WORK ORDER: Your answer should be one number: how many lines below have the word "realFieldType".

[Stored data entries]
Segment Open

Lemma integral_discrete_measure (g : T -> R) : measurable_fun setT g ->
  \int[discrete_measure]_x (g x)%:E = (\sum_(k < n) `|w k| * g (p k))%R%:E.
Proof.
move=> mg; have mgE : measurable_fun setT (EFin \o g) by exact/measurable_EFinP.
rewrite integralE !ge0_integral_discrete_measure //; last 2 first.
- exact: measurable_funeneg.
- exact: measurable_funepos.
under eq_bigr do rewrite funeposE -EFin_max -EFinM.
under [X in _ - X]eq_bigr do rewrite funenegE -EFin_max -EFinM.
rewrite !sumEFin -EFinB -sumrB; congr (_%:E); apply: eq_bigr => k _.
rewrite -mulrBr; congr (_ * _)%R.
by rewrite /Order.max; case: ltrP => ?; case: ltrP => ?; lra.
Qed.

Hypothesis w_sum1 : (\sum_(k < n) `|w k| = 1)%R.

(* The Dirac mass is only the fallback of [mnormalize] for total mass 0 or +oo. *)
Definition discrete_prob : probability T R :=
  mnormalize discrete_measure (@dirac _ T (p 0%N) R).

Lemma discrete_probE A : discrete_prob A = discrete_measure A.
Proof.
have mass1 : discrete_measure setT = 1.
  rewrite discrete_measureE; congr (_%:E); rewrite -[RHS]w_sum1.
  by apply: eq_bigr => k _; rewrite in_setT mulr1.
exact: mnormalize_unit_mass.
Qed.

Lemma integral_discrete_prob (g : T -> R) : measurable_fun setT g ->
  \int[discrete_prob]_x (g x)%:E = (\sum_(k < n) `|w k| * g (p k))%R%:E.
Proof.
move=> mg; rewrite -integral_discrete_measure //.
by apply: eq_measure_integral => A _ _; exact: discrete_probE.
Qed.

Lemma integrable_discrete_prob (g : T -> R) : measurable_fun setT g ->
  discrete_prob.-integrable setT (fun x => (g x)%:E).
Proof.
move=> mg; apply/integrableP; split; first exact/measurable_EFinP.
rewrite integral_discrete_prob ?ltry //.
by apply: measurableT_comp.
Qed.

End DiscreteProbability.

Section HardInstance.
Variables (R : realType) (d m : nat) (eps : R).
Hypotheses (m_gt0 : (0 < m)%N) (m_le_d : (m <= d)%N).
Hypotheses (eps_ge0 : 0 <= eps) (meps_le1 : m.+1%:R * eps <= 1).

Local Notation v := (simplex_vertex R d m).

Definition atom_weight (k : nat) : R :=
  if (k < m.+1)%N then eps else 1 - m.+1%:R * eps.

Definition atom_sign (j0 : option nat) (k : nat) : R :=
  if (k < m.+1)%N then (if j0 == Some k then 1 else -1) else 0.

Definition atom (j0 : option nat) (k : nat) : vec R d :=
  vscale (atom_sign j0 k) (v k).

(* [hard_dist None] is the corrupted distribution D' and [hard_dist (Some j)]
   is D_j; atom m.+1 carries the remaining mass at the origin. *)
Definition hard_dist (j0 : option nat) : probability (vec R d) R :=
  discrete_prob m.+2 atom_weight (atom j0).

Definition hard_mean (j : nat) : vec R d := vscale (2 * eps) (v j).

Lemma atom_sign_out j0 : atom_sign j0 m.+1 = 0.
Proof. by rewrite /atom_sign ltnn. Qed.

Lemma sqr_atom_sign j0 (k : 'I_m.+1) : atom_sign j0 k ^+ 2 = 1.
Proof. by rewrite /atom_sign ltn_ord; case: (_ == _); rewrite ?sqrrN expr1n. Qed.

Lemma atom_sign_Some j (k : 'I_m.+1) :
  atom_sign (Some j) k = 2 * ((k : nat) == j)%:R - 1.
Proof.
by rewrite /atom_sign ltn_ord (inj_eq Some_inj) eq_sym; case: (_ == _) => /=; ring.
Qed.

Lemma atom_sign_Some_neq j k : k != j -> atom_sign (Some j) k = atom_sign None k.
Proof. by move=> k_neq; rewrite /atom_sign (inj_eq Some_inj) eq_sym (negPf k_neq). Qed.

Lemma sum_atom_weight (F : nat -> R) :
  \sum_(k < m.+2) `|atom_weight k| * F k
  = eps * \sum_(k < m.+1) F k + (1 - m.+1%:R * eps) * F m.+1.
Proof.
rewrite big_ord_recr /= /atom_weight ltnn mulr_sumr ger0_norm ?subr_ge0 //.
by congr (_ + _); apply: eq_bigr => k _; rewrite ltn_ord ger0_norm.
Qed.

Lemma sum_abs_atom_weight : \sum_(k < m.+2) `|atom_weight k| = 1.
Proof.
have := sum_atom_weight (fun _ => 1); under eq_bigr do rewrite mulr1.
by move=> ->; rewrite sumr_const card_ord -mulr_natl; lra.
Qed.

Lemma sum_hard_mean (i : 'I_d) : \sum_(j < m.+1) tnth (hard_mean j) i = 0.
Proof.
under eq_bigr do rewrite tnth_vscale.
by rewrite -mulr_sumr sum_simplex_vertex // mulr0.
Qed.

Lemma dotp_hard_mean j : (j <= m)%N ->
  dotp (hard_mean j) (hard_mean j) = (2 * eps * Num.sqrt (1 - m.+1%:R^-1)) ^+ 2.
Proof.
move=> j_le; rewrite dotpZl dotpZr dotp_simplex_vertex // exprMn sqr_sqrtr; first ring.
by rewrite subr_ge0 invf_le1 ?ler1n ?ltr0n.
Qed.

Lemma sum_atom_coord j (i : 'I_d) : (j < m.+1)%N ->
  \sum_(k < m.+2) `|atom_weight k| * tnth (atom (Some j) k) i = tnth (hard_mean j) i.
Proof.
move=> j_lt; rewrite (sum_atom_weight (fun k => tnth (atom (Some j) k) i)).
rewrite /atom tnth_vscale atom_sign_out mul0r mulr0 addr0.
rewrite (eq_bigr (fun k : 'I_m.+1 =>
  2 * (tnth (v k) i * ((k : nat) == j)%:R) - tnth (v k) i)); last first.
  by move=> k _; rewrite tnth_vscale atom_sign_Some; ring.
rewrite sumrB -mulr_sumr (sum_mul_delta (fun k => tnth (v k) i)) //.
by rewrite sum_simplex_vertex // subr0 tnth_vscale mulrCA mulrA.
Qed.

Lemma hard_dist_mean j : (j < m.+1)%N -> has_mean (hard_dist (Some j)) (hard_mean j).
Proof.
move=> j_lt i; split.
  exact: integrable_discrete_prob sum_abs_atom_weight _ (measurable_tnth i).
rewrite integral_discrete_prob ?sum_abs_atom_weight ?sum_atom_coord //.
exact: measurable_tnth.
Qed.

Lemma hard_dist_cov j s2 : (j < m.+1)%N -> eps <= s2 ->
  cov_le (hard_dist (Some j)) (hard_mean j) s2.
Proof.
move=> j_lt eps_le u.
have mf : measurable_fun setT (fun x => dotp u (vsub x (hard_mean j)) ^+ 2).
  by apply: measurable_funX; exact: measurable_dotp_vsub.
rewrite integral_discrete_prob ?sum_abs_atom_weight //.
have mean : dotp u (hard_mean j)
    = \sum_(k < m.+2) `|atom_weight k| * dotp u (atom (Some j) k).
  by rewrite sum_dotpr; apply: eq_bigr => i _; rewrite sum_atom_coord.
under eq_bigr do rewrite dotpBr mean.
rewrite lee_fin; apply: le_trans (weighted_variance_le _ _) _.
  exact: sum_abs_atom_weight.
rewrite (sum_atom_weight (fun k => dotp u (atom (Some j) k) ^+ 2)).
rewrite /atom dotpZr atom_sign_out mul0r expr0n mulr0 addr0.
under eq_bigr do rewrite dotpZr exprMn sqr_atom_sign mul1r.
apply: le_trans (ler_wpM2l eps_ge0 (sum_sqr_dotp_simplex_vertex_le m_gt0 m_le_d u)) _.
by rewrite ler_wpM2r ?dotp_ge0.
Qed.

Lemma tv_hard_dist j : (j < m.+1)%N -> tv_le (hard_dist (Some j)) (hard_dist None) eps.
Proof.
move=> j_lt A _; rewrite !discrete_probE ?sum_abs_atom_weight // !discrete_measureE /=.
have j_lt2 : (j < m.+2)%N by exact: ltn_trans j_lt _.
rewrite -sumrB (bigD1 (Ordinal j_lt2)) //= big1 ?addr0; last first.
  move=> k; rewrite -val_eqE /= => k_neq_j.
  by rewrite /atom atom_sign_Some_neq ?subrr.
rewrite /atom_weight j_lt (ger0_norm eps_ge0) -mulrBr normrM (ger0_norm eps_ge0).
rewrite -[leRHS]mulr1 ler_wpM2l //.
by case: (_ \in _); case: (_ \in _);
  rewrite /= ?subrr ?subr0 ?sub0r ?normrN ?normr0 ?normr1.
Qed.

End HardInstance.

Lemma exists_ge_of_sum_ge (R : realDomainType) n (f : 'I_n -> \bar R) (a : R) :
  (0 < n)%N ->
  ((n%:R * a)%:E <= \sum_(j < n) f j)%E -> exists j, (a%:E <= f j)%E.
Proof.
move=> n_gt0 sum_ge.
have [j _ f_le] := arg_maxP f (isT : xpredT (Ordinal n_gt0)).
exists j; rewrite -(@lee_pmul2l _ n%:R%:E) ?lte_fin ?ltr0n // -EFinM.
have -> : (n%:R%:E * f j = \sum_(k < n) f j)%E by rewrite sumr_const card_ord mule_natl.
by apply: le_trans sum_ge _; apply: lee_sum => k _; exact: f_le.
Qed.

Section ExpectedDistance.
Variables (R : realType) (d n : nat) (mu : 'I_n -> vec R d) (r : R).
Hypotheses (r_ge0 : 0 <= r) (mu_norm : forall j, dotp (mu j) (mu j) = r ^+ 2).
Hypothesis sum_mu : forall i, \sum_(j < n) tnth (mu j) i = 0.

Lemma sum_enorm_sub_ge x : n%:R * r <= \sum_(j < n) enorm (vsub x (mu j)).
Proof.
have [->|r_neq0] := eqVneq r 0.
  by rewrite mulr0; apply: sumr_ge0 => j _; exact: sqrtr_ge0.
have r_gt0 : 0 < r by rewrite lt_def r_neq0.
have enorm_mu j : enorm (mu j) = r by rewrite /enorm mu_norm sqrtr_sqr ger0_norm.
have term j : r ^+ 2 - dotp x (mu j) <= r * enorm (vsub x (mu j)).
  rewrite -(mu_norm j) (dotpC x) -opprB -dotpBr -(enorm_mu j).
  by apply: le_trans (normr_dotp_le _ _); rewrite -normrN ler_norm.
have sum_dotp : \sum_(j < n) dotp x (mu j) = 0.
  under eq_bigr do rewrite -[dotp _ _]mul1r.
  rewrite (sum_dotpr (fun _ => 1)) big1 // => i _.
  by under eq_bigr do rewrite mul1r; rewrite sum_mu mulr0.
have : \sum_(j < n) (r ^+ 2 - dotp x (mu j)) <= \sum_(j < n) r * enorm (vsub x (mu j)).
  by apply: ler_sum => j _; exact: term.
rewrite sumrB sum_dotp subr0 sumr_const card_ord -mulr_sumr => sum_le.
rewrite -(ler_pM2l r_gt0); apply: le_trans sum_le.
by rewrite -mulr_natr; nra.
Qed.

Lemma exists_integral_enorm_sub_ge (Q : probability (vec R d) R) : (0 < n)%N ->
  exists j, (r%:E <= \int[Q]_x (enorm (vsub x (mu j)))%:E)%E.
Proof.
move=> n_gt0; apply: exists_ge_of_sum_ge => //.
have mf j : measurable_fun setT (fun x => (enorm (vsub x (mu j)))%:E).
  by apply/measurable_EFinP; exact: measurable_enorm_vsub.
rewrite -ge0_integral_sum //; last by move=> j x _; rewrite lee_fin sqrtr_ge0.
have -> : ((n%:R * r)%:E = \int[Q]_x (cst (n%:R * r)%:E x))%E.
  by rewrite integral_cst // -[LHS]mule1; congr (_ * _)%E; exact/esym/probability_setT.
apply: ge0_le_integral => //.
- by move=> x _; rewrite lee_fin mulr_ge0.
- exact: emeasurable_sum.
- by move=> x _; rewrite sumEFin lee_fin; exact: sum_enorm_sub_ge.
Qed.

End ExpectedDistance.

Lemma exists_maximal_dim (R : realFieldType) (eps : R) d :
  (1 <= d)%N -> 0 <= eps -> eps <= 1 / 2 ->
  exists m, [/\ (0 < m)%N, (m <= d)%N, m.+1%:R * eps <= 1 & m = d \/ 1 < m.+2%:R * eps].
Proof.
move=> + eps_ge0 eps_le; elim: d => [//|[|d] IH] _.
  by exists 1%N; split => //; [lra | left].
have [le1|gt1] := lerP (d.+3%:R * eps) 1.
  by exists d.+2; split => //; left.
have [m [m_gt0 m_le meps_le m_max]] := IH isT.
exists m; split => //; first exact: leqW.
by right; case: m_max => // ->.
Qed.

Lemma jung_ratio_le (R : realFieldType) d m (eps : R) : 0 <= eps -> eps <= 1 / 2 ->
  m = d \/ 1 < m.+2%:R * eps ->
  d%:R / (d%:R + 1) * (1 - 2 * eps) ^+ 2 <= 1 - m.+1%:R^-1.
Proof.
move=> eps_ge0 eps_le m_max.
have -> : d%:R / (d%:R + 1) = 1 - (d%:R + 1)^-1 :> R.
  by field; rewrite natr1 pnatr_eq0.
have sq_le1 : (1 - 2 * eps) ^+ 2 <= 1 by nra.
have inv_le1 : d.+1%:R^-1 <= 1 :> R by rewrite invf_le1 ?ltr0n ?ler1n.
rewrite natr1; case: m_max => [->|m_max].
  by rewrite -[leRHS]mulr1 ler_wpM2l ?subr_ge0.
have m1_gt0 : 0 < m.+1%:R :> R by rewrite ltr0n.
have inv_le : m.+1%:R^-1 <= 4 * eps * (1 - eps).
  rewrite -div1r ler_pdivrMr //.
  by move: m_max; rewrite -addn1 natrD; nra.
apply: (@le_trans _ _ ((1 - 2 * eps) ^+ 2)).
  by rewrite ler_piMl ?sqr_ge0 // gerBl.
have -> : (1 - 2 * eps) ^+ 2 = 1 - 4 * eps * (1 - eps) by ring.
by rewrite lerB.
Qed.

Segment Closed

RESPONSE BOX: 2